Structuring your Dagster project
To learn how to create a new Dagster project, see Creating a new Dagster project.
There are many ways to structure your Dagster project, and it can be difficult to know where to start. In this guide, we will walk you through our recommendations for organizing your Dagster project.
Your initial project structure
When you first scaffold your project using the create-dagster
CLI, it looks like the following:
$ create-dagster project my-project
- uv
- pip
.
└── my-project
├── pyproject.toml
├── src
│ └── my_project
│ ├── __init__.py
│ ├── definitions.py
│ └── defs
│ └── __init__.py
├── tests
│ └── __init__.py
└── uv.lock
.
└── my-project
├── pyproject.toml
├── src
│ └── my_project
│ ├── __init__.py
│ ├── definitions.py
│ └── defs
│ └── __init__.py
└── tests
└── __init__.py
This is a great structure as you are first getting started, however, as you begin to introduce more assets, jobs, resources, sensors, and utility code, you may find that your Python files are growing too large to manage.
Restructure your project
There are several paradigms in which you can structure your project. Choosing one of these structures is often personal preference, and influenced by how you and your team members operate. This guide will outline three possible project structures:
Option 1: Structured by technology
Data engineers often have a strong understanding of the underlying technologies that are used in their data pipelines. Because of that, it's often beneficial to organize your project by technology. This enables engineers to easily navigate the code base and locate files pertaining to the specific technology.

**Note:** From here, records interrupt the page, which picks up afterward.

(* Let $\mathcal{S}$ be a finite elation generalized quadrangle of order $(s,t)$ with elation group $G$ and associated $4$-gonal family $(G,\{A_i\}_{i=0}^t,\{A_i^*\}_{i=0}^t)$. In $\mathbb{R}[G]$ put $S:=\sum_{i=0}^t(sA_i+A_i^* )$ and $T:=\sum_{i=0}^t(tA_i-A_i^* )$. Let $\chi$ be a nonlinear irreducible complex character of $G$, extended linearly to $\mathbb{R}[G]$. Then \[\chi(S)=s(s+t)\,\omega_\chi,\qquad \chi(T)=\frac{(s+t)st}{\gcd(s,t)}\,z_\chi\] for some nonnegative integers $\omega_\chi, z_\chi$.
   Context: A generalized quadrangle of order $(s,t)$: each line has $s+1$ points, each point is on $t+1$ lines, and for each non-incident point-line pair $(P,\ell)$ there is a unique point on $\ell$ collinear with $P$. An elation about $P$ is an automorphism that is the identity or fixes each line through $P$ and no point not collinear with $P$. $\mathcal{S}$ is an elation generalized quadrangle with base point $P$ and elation group $G$ if $G$ consists of elations about $P$ and acts regularly on the points not collinear with $P$. The associated $4$-gonal family: fix a point $y$ not collinear with $P$, let $M_0,\dots,M_t$ be the lines through $y$, let $z_i$ be the unique point of $M_i$ collinear with $P$, and let $A_i$, $A_i^*$ be the stabilizers in $G$ of $M_i$ and $z_i$ respectively. In $\mathbb{R}[G]$ a subset is identified with the sum of its elements. *)

From mathcomp Require Import all_boot all_order all_algebra all_fingroup all_solvable all_field all_character.
Set Implicit Arguments. Unset Strict Implicit. Unset Printing Implicit Defensive.
Import GRing.Theory Num.Theory.

Section GQ.
Variable T : finType.
Implicit Types (L : {set {set T}}) (x y p : T) (l : {set T}).

(* x and y are collinear (x = y allowed, as usual: x ~ y) *)
Definition collinear L x y : bool := [exists l in L, (x \in l) && (y \in l)].

Definition GQ L (s t : nat) : Prop :=
  [/\ 0 < s, 0 < t,
      forall l, l \in L -> #|l| = s.+1,
      forall x, #|[set l in L | x \in l]| = t.+1 &
      forall x l, l \in L -> x \notin l ->
        #|[set z in l | collinear L x z]| = 1].

Definition is_aut L (g : {perm T}) : bool :=
  [forall l : {set T}, (l \in L) == ((fun x => g x) @: l \in L)].

Definition elation L p (g : {perm T}) : bool :=
  (g == 1%g) ||
  [&& is_aut L g,
      [forall l in L, (p \in l) ==> ((fun x => g x) @: l == l)] &
      [forall x, ~~ collinear L p x ==> (g x != x)]].

Definition EGQ L p (G : {group {perm T}}) : Prop :=
  (forall g, g \in G -> elation L p g) /\
  (forall x z, ~~ collinear L p x -> ~~ collinear L p z ->
     exists! g, g \in G /\ g x = z).

(* for a line M through y, the unique point of M collinear with p *)
Definition zpt L p l : T := odflt p [pick z in l | collinear L p z].

(* A_M : stabilizer of the line M in G ; A_M^* : stabilizer of z_M in G *)
Definition stab_line (G : {group {perm T}}) l : {set {perm T}} :=
  [set g in G | (fun x => g x) @: l == l].
Definition stab_pt (G : {group {perm T}}) z : {set {perm T}} :=
  [set g in G | g z == z].

End GQ.

Local Open Scope ring_scope.
Definition chi_S (T : finType) (L : {set {set T}}) (s : nat) (p y : T)
  (G : {group {perm T}}) (chi : 'CF(G)) : algC :=
  \sum_(M in L | y \in M)
     (s%:R * \sum_(a in stab_line G M) chi a
      + \sum_(a in stab_pt G (zpt L p M)) chi a).

Definition chi_T (T : finType) (L : {set {set T}}) (t : nat) (p y : T)
  (G : {group {perm T}}) (chi : 'CF(G)) : algC :=
  \sum_(M in L | y \in M)
     (t%:R * \sum_(a in stab_line G M) chi a
      - \sum_(a in stab_pt G (zpt L p M)) chi a).

From mathcomp Require Import all_boot all_order all_algebra all_fingroup all_solvable all_field all_character.
From mathcomp Require Import ring zify.
Set Implicit Arguments. Unset Strict Implicit. Unset Printing Implicit Defensive.
Import GRing.Theory Num.Theory.

(* Let X and Y be the sums, in the group ring of G, of the stabilizers A_M and
   A*_M = G_(z_M) over the t + 1 lines M through y.  Counting the lines through
   pairs of points gives X^2 + Y = (s + t) X + (t + 1) G, while A_M^2 = s A_M,
   A*_M^2 = s t A*_M, A_M A*_M = A*_M A_M = s A*_M and A_N A*_M = A*_M A_N = G
   for M <> N.  In a representation affording a nontrivial irreducible character
   chi, G acts as 0; then E = Y / (s t) is idempotent and P = X - s E satisfies
   P^2 = (s + t) P.  Traces of idempotents are ranks, so chi(X) = s rk E +
   (s + t) rk(P / (s + t)) and chi(Y) = s t rk E, which gives chi(S) and chi(T).
   Finally chi(X) = s (sum_M rk(A_M / s)) shows that s divides t rk(P / (s + t)),
   which is therefore a multiple of lcm(s, t). *)

Section ScaledIdempotents.
Local Open Scope ring_scope.
Variables (F : numFieldType) (n : nat).
Implicit Types (A X Y : 'M[F]_n) (c : F).

Lemma mxtrace_idem A : A *m A = A -> \tr A = (\rank A)%:R.
Proof.
move=> AA; have AE := mulmx_base A.
have base_inj : col_base A *m (row_base A *m col_base A) = col_base A *m 1%:M.
  apply: (row_free_inj (row_base_free A)).
  by rewrite mulmx1 mulmxA AE -mulmxA AE AA.
have idE := row_full_inj (col_base_full A) base_inj.
by rewrite -{1}AE mxtrace_mulC idE mxtrace1.
Qed.

Lemma mxtrace_scaled_idem A c : c != 0 -> A *m A = c *: A ->
  \tr A = c * (\rank A)%:R.
Proof.
move=> c0 AA; rewrite -(mxrank_scale_nz A (invr_neq0 c0)) -mxtrace_idem.
  by rewrite mxtraceZ mulrA divff // mul1r.
by rewrite -scalemxAl -scalemxAr AA !scalerA mulfVK.
Qed.

(* Y / (s t) is idempotent and P := X - Y / t satisfies P^2 = (s + t) P. *)
Lemma mxtrace_quadratic_system (s t : nat) X Y : (0 < s)%N -> (0 < t)%N ->
  X *m Y = s%:R *: Y -> Y *m X = s%:R *: Y -> Y *m Y = (s * t)%:R *: Y ->
  X *m X = (s + t)%:R *: X - Y ->
  exists rF rP : nat,
    \tr X = (s * rF + (s + t) * rP)%:R /\ \tr Y = (s * t * rF)%:R.
Proof.
move=> s_gt0 t_gt0 XY YX YY XX.
have t0 : (t%:R : F) != 0 by rewrite pnatr_eq0 -lt0n.
have st0 : ((s * t)%:R : F) != 0 by rewrite pnatr_eq0 muln_eq0 negb_or -!lt0n s_gt0.
have spt0 : ((s + t)%:R : F) != 0 by rewrite pnatr_eq0 addn_eq0 negb_and -!lt0n s_gt0.
pose P := X - t%:R^-1 *: Y.
have PP : P *m P = (s + t)%:R *: P.
  rewrite /P mulmxBl !mulmxBr -!scalemxAl -!scalemxAr XX XY YX YY !scalerA.
  rewrite scalerBr scalerA -!addrA; congr (_ + _).
  rewrite -[Y in - Y + _]scale1r -scalerBl -!scaleNr -!scalerDl.
  by congr (_ *: _); rewrite natrM natrD; field.
have trY := mxtrace_scaled_idem st0 YY.
have trP := mxtrace_scaled_idem spt0 PP.
exists (\rank Y), (\rank P); split; last by rewrite trY -natrM.
have -> : X = P + t%:R^-1 *: Y by rewrite /P subrK.
rewrite mxtraceD mxtraceZ trY trP natrD !natrM.
by field.
Qed.

Lemma mulmx_sum_family (I : finType) (P : pred I) (a b : I -> 'M[F]_n) (s t : nat) :
  (0 < s)%N ->
  (forall i, P i -> a i *m b i = s%:R *: b i) ->
  (forall i, P i -> b i *m a i = s%:R *: b i) ->
  (forall i, P i -> b i *m b i = (s * t)%:R *: b i) ->
  (forall i j, P i -> P j -> i != j -> a j *m b i = 0 /\ b i *m a j = 0) ->
  [/\ (\sum_(i | P i) a i) *m (\sum_(i | P i) b i) = s%:R *: \sum_(i | P i) b i,
      (\sum_(i | P i) b i) *m (\sum_(i | P i) a i) = s%:R *: \sum_(i | P i) b i &
      (\sum_(i | P i) b i) *m (\sum_(i | P i) b i) = (s * t)%:R *: \sum_(i | P i) b i].
Proof.
move=> s_gt0 ab ba bb abij; rewrite !scaler_sumr; split.
- rewrite mulmx_sumr; apply: eq_bigr => i Pi.
  rewrite mulmx_suml (bigD1 i) //= ab // big1 ?addr0 // => j /andP[Pj ji].
  by case: (abij i j Pi Pj); rewrite // eq_sym.
- rewrite mulmx_suml; apply: eq_bigr => i Pi.
  rewrite mulmx_sumr (bigD1 i) //= ba // big1 ?addr0 // => j /andP[Pj ji].
  by case: (abij i j Pi Pj); rewrite // eq_sym.
rewrite mulmx_suml; apply: eq_bigr => i Pi.
rewrite mulmx_sumr (bigD1 i) //= bb // big1 ?addr0 // => j /andP[Pj ji].
have s0 : (s%:R : F) != 0 by rewrite pnatr_eq0 -lt0n.
have -> : b i = s%:R^-1 *: (b i *m a i) by rewrite ba // scalerA mulVf // scale1r.
by rewrite -scalemxAl -mulmxA; case: (abij j i Pj Pi ji) => -> _; rewrite mulmx0 scaler0.
Qed.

Within the technology modules, submodules can be created to further organize your code.
- uv
- pip
.
├── pyproject.toml
├── src
│ └── my_project
│ ├── __init__.py
│ ├── definitions.py
│ └── defs
│ ├── __init__.py
│ ├── dbt
│ │ ├── assets.py
│ │ └── resources.py
│ └── dlt
│ ├── assets.py
│ ├── pipelines
│ │ ├── github.py
│ │ └── hubspot.py
│ └── resources.py
├── tests
│ └── __init__.py
└── uv.lock
.
├── pyproject.toml
├── src
│ └── my_project
│ ├── __init__.py
│ ├── definitions.py
│ └── defs
│ ├── __init__.py
│ ├── dbt
│ │ ├── assets.py
│ │ └── resources.py
│ └── dlt
│ ├── assets.py
│ ├── pipelines
│ │ ├── github.py
│ │ └── hubspot.py
│ └── resources.py
└── tests
└── __init__.py
Option 2: Structured by concept
You can also organize your project by data processing concept, for example, data transformation, ingestion, or processing. This provides additional context to engineers who may not be as familiar with the underlying technologies:
- uv
- pip
.
├── pyproject.toml
├── src
│ └── my_project
│ ├── __init__.py
│ ├── definitions.py
│ └── defs
│ ├── __init__.py
│ ├── ingestion
│ │ └── dlt
│ │ ├── assets.py
│ │ └── resources.py
│ └── transformation
│ ├── adhoc
│ │ ├── assets.py
│ │ └── resources.py
│ └── dbt
│ ├── assets.py
│ ├── partitions.py
│ └── resources.py
├── tests
│ └── __init__.py
└── uv.lock
.
├── pyproject.toml
├── src
│ └── my_project
│ ├── __init__.py
│ ├── definitions.py
│ └── defs
│ ├── __init__.py
│ ├── ingestion
│ │ └── dlt
│ │ ├── assets.py
│ │ └── resources.py
│ └── transformation
│ ├── adhoc
│ │ ├── assets.py
│ │ └── resources.py
│ └── dbt
│ ├── assets.py
│ ├── partitions.py
│ └── resources.py
└── tests
└── __init__.py
Configuring multiple projects in a workspace
This guide has outlined how to structure a single project that defines a single code location. Most people will only need one project and code location. However, Dagster also allows you to create a workspace with multiple projects that define multiple code locations.
A helpful pattern uses multiple projects to separate conflicting dependencies, where each definition has its own package requirements and deployment specs.
To learn more about creating a workspace with multiple projects, see Managing multiple projects with workspaces.
External projects
As your data platform evolves, you can integrate other data tools, such as dbt, Sling, or Jupyter notebooks.
We recommended storing these projects outside your Dagster project. See the dbt_project
example below:
.
├── dbt_project/
│ ├── config/
│ │ └── profiles.yml
│ ├── dbt_project.yml
│ ├── macros/
│ │ ├── aggregate_actions.sql
│ │ └── generate_schema_name.sql
│ ├── models/
│ │ ├── activity_analytics/
│ │ │ ├── activity_daily_stats.sql
│ │ │ ├── comment_daily_stats.sql
│ │ │ └── story_daily_stats.sql
│ │ ├── schema.yml
│ │ └── sources.yml
│ └── tests/
│ └── assert_true.sql
└── example_dagster_project/